Description Dan Horák 2022-09-07 09:14:32 UTC
Description of problem:
Applications (eg. sshd) abort with SIGILL on Power8 machines after recent openssl update. I suspect the sync from RHEL brought some HW level expectation valid only in RHEL (eg. RHEL-9 requires a Power9 or newer system).

Version-Release number of selected component (if applicable):
openssl-1:3.0.5-3.fc38

How reproducible:
100%

Steps to Reproduce:
1. ssh to sshd running on power8
or 2. try "dnf udpate" from local console
or 3. use some other app

Actual results:
[ 3705.137658] sshd[1703]: illegal instruction (4) at 7fff85526aac nip 7fff85526aac lr 7fff854828e0 code 1 in libcrypto.so.3.0.5[7fff85240000+300000]
[ 3705.137866] sshd[1703]: code: 7f4909ce 39290010 7f6909ce 39290010 7f8909ce 39290010 7fa909ce 39290010 
[ 3705.137920] sshd[1703]: code: 7fc909ce 39290010 7fe909ce f8010210 <7c0046d9> 39400020 7c4a4699 39400030 


Expected results:
no SIGILL

Additional info:

Comment 1 Dan Horák 2022-09-07 09:16:14 UTC
a downgrade to openssl-3.0.5-2.fc37 (via rpm) fixes the issue

Comment 2 Dmitry Belyavskiy 2022-09-07 09:43:42 UTC
Could you please check this scratch build? https://koji.fedoraproject.org/koji/taskinfo?taskID=91732215

Comment 3 Clemens Lang 2022-09-07 09:56:12 UTC
The only thing we did in this area is https://bugzilla.redhat.com/show_bug.cgi?id=2051312.

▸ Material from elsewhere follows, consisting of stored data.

(* Let $p\in(0,1)$ and let $(\lambda_n)_{n\ge1}$ be a sequence with $\lambda_1=1$ and $0\le\lambda_n\le\lambda_{n-1}$ for all $n>1$. Let $r_1,r_2,\dots$ be $\{0,1\}$-valued random variables with $\Pr(r_1=1)=p$ and, for every $n\ge2$, $\Pr(r_n=1\mid r_1,\dots,r_{n-1})=\lambda_n p+(1-\lambda_n)\bar p_{n-1}$, where $\bar p_m=\frac1m\sum_{i=1}^m r_i$. Then for every $n\ge1$, $\mathbb{E}[\bar p_n]=\mathbb{E}[r_n]=p$.
   Context: This is a model of the bandwagon effect: $r_n$ is the $n$-th binary rating of an item, $p$ the true preference, $\bar p_m$ the sample mean of the first $m$ ratings, and $\lambda_n$ the weight the $n$-th user puts on their own preference versus the current sample mean. *)

From HB Require Import structures.
From mathcomp Require Import all_boot all_order all_algebra.
From mathcomp Require Import all_classical all_reals all_analysis.
Set Implicit Arguments. Unset Strict Implicit. Unset Printing Implicit Defensive.
Import Order.TTheory GRing.Theory Num.Theory.
Local Open Scope classical_set_scope.
Local Open Scope ring_scope.

(* Ratings are 1-indexed: r n is r_n for n >= 1 (r 0 is unused). *)

Definition pbar {T : Type} {R : realType} (r : nat -> T -> R) (m : nat) (w : T) : R :=
  (\sum_(i < m) r i.+1 w) / m%:R.

Definition hist_event {T : Type} {R : realType} (r : nat -> T -> R) (s : seq bool) : set T :=
  [set w | forall i, (i < size s)%N -> r i.+1 w = (nth false s i)%:R].

(* the sample mean of a history s (the value of \bar p_{size s} on hist_event r s) *)
Definition seq_mean {R : realType} (s : seq bool) : R :=
  (\sum_(i < size s) ((nth false s i)%:R : R)) / (size s)%:R.

From HB Require Import structures.
From mathcomp Require Import all_boot all_order all_algebra.
From mathcomp Require Import all_classical all_reals all_analysis.
From mathcomp Require Import measurable_realfun.
Import Order.TTheory GRing.Theory Num.Theory.
Local Open Scope classical_set_scope.
Local Open Scope ring_scope.

(* Conditioning on the first n - 1 ratings, i.e. summing over the 2^(n-1)
   histories s, turns the hypothesis on r_n into
     E[r_n] = lam_n p + (1 - lam_n) E[pbar_(n-1)],
   since pbar_(n-1) equals seq_mean s on the event of history s.  By strong
   induction E[r_i] = p for all i < n, hence E[pbar_(n-1)] = p by linearity,
   and so E[r_n] = p as well. *)

Fixpoint histories (k : nat) : seq (seq bool) :=
  if k is k'.+1 then flatten [seq [:: rcons s false; rcons s true] | s <- histories k']
  else [:: [::]].

Lemma size_histories k s : s \in histories k -> size s = k.
Proof.
elim: k s => [|k IH] s /=; first by rewrite inE => /eqP ->.
case/flatten_mapP => t /IH <-; rewrite !inE => /orP [] /eqP ->; by rewrite size_rcons.
Qed.

Arguments size_histories {k s}.

Section BinaryRatings.
Variables (d : measure_display) (T : measurableType d) (R : realType)
  (P : probability T R) (r : nat -> {RV P >-> R}).
Hypothesis r01 : forall n w, (1 <= n)%N -> r n w = 0 \/ r n w = 1.

Local Notation H := (hist_event (fun k => (r k : T -> R))).
Local Notation mean := (pbar (fun k => (r k : T -> R))).

Lemma measurable_rating_eq n (c : R) : measurable [set w | r n w = c].
Proof.
have := measurable_funPT (r n) measurableT [set c] (measurable_set1 c).
by rewrite setTI.
Qed.

Lemma hist_event_nil : H [::] = setT.
Proof. by apply/seteqP; split=> w // _ i. Qed.

Lemma hist_event_rcons s b :
  H (rcons s b) = H s `&` [set w | r (size s).+1 w = b%:R].
Proof.
apply/seteqP; split=> w /=.
- move=> h; split; last first.
    by have := h (size s); rewrite size_rcons ltnSn nth_rcons ltnn eqxx; apply.
  by move=> i Hi; have := h i; rewrite size_rcons nth_rcons Hi; apply; exact: leqW.
- case=> h1 h2 i; rewrite size_rcons ltnS leq_eqVlt => /orP [/eqP->|Hi].
    by rewrite nth_rcons ltnn eqxx.
  by rewrite nth_rcons Hi; apply: h1.
Qed.

Lemma measurable_hist_event s : measurable (H s).
Proof.
elim/last_ind: s => [|s b IH]; first by rewrite hist_event_nil.
by rewrite hist_event_rcons; apply: measurableI => //; exact: measurable_rating_eq.
Qed.

Lemma hist_event_rconsU s : H s = H (rcons s false) `|` H (rcons s true).
Proof.
rewrite !hist_event_rcons -setIUr.
suff -> : [set w | r (size s).+1 w = false%:R] `|` [set w | r (size s).+1 w = true%:R]
    = setT by rewrite setIT.
apply/seteqP; split=> w // _ /=.
by case: (r01 (size s).+1 w isT) => ->; [left|right].
Qed.

Lemma hist_event_rcons_disjoint s :
  [disjoint H (rcons s false) & H (rcons s true)].
Proof.
apply/disj_setPS; rewrite !hist_event_rcons => w [[_ h0] [_ h1]].
by have := etrans (esym h0) h1 => /= /eqP; rewrite eq_sym oner_eq0.
Qed.

Lemma integral_histories (k : nat) (f : T -> \bar R) :
  measurable_fun [set: T] f -> (forall x, 0 <= f x)%E ->
  (\int[P]_x f x = \sum_(s <- histories k) \int[P]_(x in H s) f x)%E.
Proof.
move=> mf f0; elim: k => [|k IH]; first by rewrite /= big_seq1 hist_event_nil.
rewrite IH /= big_flatten big_map /=; apply: eq_bigr => s _.
rewrite big_cons big_seq1 {1}(hist_event_rconsU s) ge0_integral_setU //.
- exact: measurable_hist_event.
- exact: measurable_hist_event.
- exact: measurable_funS mf.
- exact: hist_event_rcons_disjoint.
Qed.

Definition hist_prob s := fine (P (H s)).

Lemma hist_probE s : P (H s) = (hist_prob s)%:E.
Proof.
by rewrite /hist_prob fineK //; apply: fin_num_measure; exact: measurable_hist_event.
Qed.

Lemma integral_cst_hist_event s (c : R) :
  (\int[P]_(x in H s) (cst c%:E) x = (c * hist_prob s)%:E)%E.
Proof.
rewrite integral_cst; last exact: measurable_hist_event.
by rewrite EFinM /hist_prob fineK //; apply: fin_num_measure; exact: measurable_hist_event.
Qed.

Lemma sum_hist_prob k : \sum_(s <- histories k) hist_prob s = 1.
Proof.
have := @integral_histories k (cst 1%E) (measurable_cst _) (fun _ => lee01).
have P_setT : ((P : {measure set T -> \bar R}) [set: T] = 1)%E by exact: probability_setT.
rewrite integral_cst // P_setT mule1.
under eq_bigr => s _ do rewrite integral_cst_hist_event mul1r.
rewrite sumEFin => h; apply: EFin_inj; by rewrite -h.
Qed.

Lemma expectation_pbar_histories k :
  ('E_P[mean k] = (\sum_(s <- histories k) seq_mean s * hist_prob s)%:E)%E.
Proof.
rewrite unlock (integral_histories k).
- rewrite -sumEFin big_seq [RHS]big_seq; apply: eq_bigr => s Hs.
  rewrite -integral_cst_hist_event; apply: eq_integral => w; rewrite inE => Hw.
  rewrite /pbar /seq_mean (size_histories Hs) /=; congr ((_ / _)%:E).
  by apply: eq_bigr => i _; apply: Hw; rewrite (size_histories Hs).
- apply/measurable_EFinP; rewrite /pbar.
  apply: (@measurable_funM _ _ _ _ (fun w => \sum_(i < k) r i.+1 w) (cst _)) => //.
  by apply: measurable_sum => i; exact: measurable_funPT.
- move=> w /=; rewrite lee_fin /pbar; apply: divr_ge0 => //.
  by apply: sumr_ge0 => i _; case: (r01 i.+1 w isT) => ->.
Qed.

Lemma expectation_rating_histories n k (c : seq bool -> R) : (1 <= n)%N ->
  (forall s, size s = k ->
     P (H s `&` [set w | r n w = 1]) = ((c s)%:E * P (H s))%E) ->
  ('E_P[r n] = (\sum_(s <- histories k) c s * hist_prob s)%:E)%E.
Proof.
move=> n1 hc; rewrite unlock (integral_histories k).
- rewrite -sumEFin big_seq [RHS]big_seq; apply: eq_bigr => s Hs.
  have rn_indic w : (r n w)%:E = (\1_[set w | r n w = 1] w)%:E.
    rewrite indicE; case: (r01 n w n1) => h; last by rewrite mem_set /= h.
    by rewrite memNset ?h //= h => /eqP; rewrite eq_sym oner_eq0.
  under eq_integral => w _ do rewrite rn_indic.
  rewrite integral_indic; [|exact: measurable_hist_event|exact: measurable_rating_eq].
  rewrite setIC; transitivity ((c s)%:E * P (H s))%E; first exact: hc (size_histories Hs).
  by rewrite hist_probE EFinM.
- by apply/measurable_EFinP; exact: measurable_funPT.
- by move=> w /=; rewrite lee_fin; case: (r01 n w n1) => ->.
Qed.

Lemma expectation_rating_affine n (a b : R) :
  (forall s, size s = n -> P (H s `&` [set w | r n.+1 w = 1]) =
                          ((a + b * seq_mean s)%:E * P (H s))%E) ->
  ('E_P[r n.+1] = a%:E + b%:E * 'E_P[mean n])%E.
Proof.
move=> hc; rewrite (@expectation_rating_histories n.+1 n _ isT hc).
rewrite expectation_pbar_histories -EFinM -EFinD; congr (_%:E).
under eq_bigr => s _ do rewrite mulrDl -mulrA.
by rewrite big_split /= -!mulr_sumr sum_hist_prob mulr1.
Qed.

Lemma expectation_pbar_const n (p : R) : (0 < n)%N ->
  (forall i, (i < n)%N -> 'E_P[r i.+1] = p%:E)%E ->
  ('E_P[mean n] = p%:E)%E.
Proof.
move=> n0 hE.
have int_r (i : 'I_n) : (\int[P]_x (r i.+1 x)%:E = p%:E)%E.
  by have := hE i (ltn_ord i); rewrite unlock.
rewrite unlock /pbar.
under eq_integral => w _ do rewrite mulrC EFinM -sumEFin.
have r_ge0 i w : (0 <= (r i.+1 w)%:E)%E.
  by rewrite lee_fin; case: (r01 i.+1 w isT) => ->.
rewrite ge0_integralZl_EFin //; last 2 first.
- by move=> w _; apply: sume_ge0.
- by apply: emeasurable_sum => i; apply/measurable_EFinP; exact: measurable_funPT.
rewrite ge0_integral_sum //; last first.
  by move=> i; apply/measurable_EFinP; exact: measurable_funPT.
under eq_bigr => i _ do rewrite int_r.
rewrite sumEFin sumr_const card_ord -EFinM; congr (_%:E).
by rewrite -[p *+ n]mulr_natr mulrC mulfK // pnatr_eq0 -lt0n.
Qed.

End BinaryRatings.

Arguments expectation_rating_affine {d T R P r} r01 n a b.
Arguments expectation_pbar_const {d T R P r} r01 n p.

Theorem theoremA1 (d : measure_display) (T : measurableType d) (R : realType)
  (P : probability T R) (p : R) (lam : nat -> R) (r : nat -> {RV P >-> R}) :
  0 < p < 1 ->
  lam 1%N = 1 ->
  (forall n, (1 < n)%N -> 0 <= lam n /\ lam n <= lam n.-1) ->
  (forall n w, (1 <= n)%N -> r n w = 0 \/ r n w = 1) ->
  P [set w | r 1%N w = 1] = p%:E ->
  (forall n, (2 <= n)%N -> forall s : seq bool, size s = n.-1 ->
     P (hist_event (fun k => (r k : T -> R)) s `&` [set w | r n w = 1]) =
     ((lam n * p + (1 - lam n) * seq_mean s)%:E * P (hist_event (fun k => (r k : T -> R)) s))%E) ->
  forall n, (1 <= n)%N ->
    ('E_P[pbar (fun k => (r k : T -> R)) n] = p%:E /\ 'E_P[r n] = p%:E)%E.
Proof.
move=> _ _ _ r01 r1_prob r_cond.
have Er n : (1 <= n)%N -> ('E_P[r n] = p%:E)%E.
  elim/ltn_ind: n => -[|[|n]] IH // _.
  - rewrite (expectation_rating_affine r01 0 p 0) ?mul0e ?adde0 //.
    move=> s /size0nil ->.
    by rewrite hist_event_nil setTI probability_setT mule1 mul0r addr0 r1_prob.
  - rewrite (expectation_rating_affine r01 n.+1 (lam n.+2 * p) (1 - lam n.+2));
      last by move=> s hs; apply: r_cond.
    rewrite (expectation_pbar_const r01 n.+1 p) // => [|i ilt]; last exact: IH.
    by rewrite -EFinM -EFinD mulrBl mul1r addrC subrK.
move=> n n1; split; last exact: Er.
by apply: (expectation_pbar_const r01 n p n1) => i _; exact: Er.
Qed.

These are performance optimizations also applied upstream in https://github.com/openssl/openssl/commit/44a563dde1584cd9284e80b6e45ee5019be8d36c and https://github.com/openssl/openssl/commit/345c99b6654b8313c792d54f829943068911ddbd for AES-GCM and https://github.com/openssl/openssl/commit/f596bbe4da779b56eea34d96168b557d78e1149 and https://github.com/openssl/openssl/commit/7e1f3ffcc5bc15fb9a12b9e3bb202f544c6ed5aa for ChaCha20.

If these don't work on Power8, we should also notify OpenSSL upstream. I'm Cc'ing the IBM people that worked on this.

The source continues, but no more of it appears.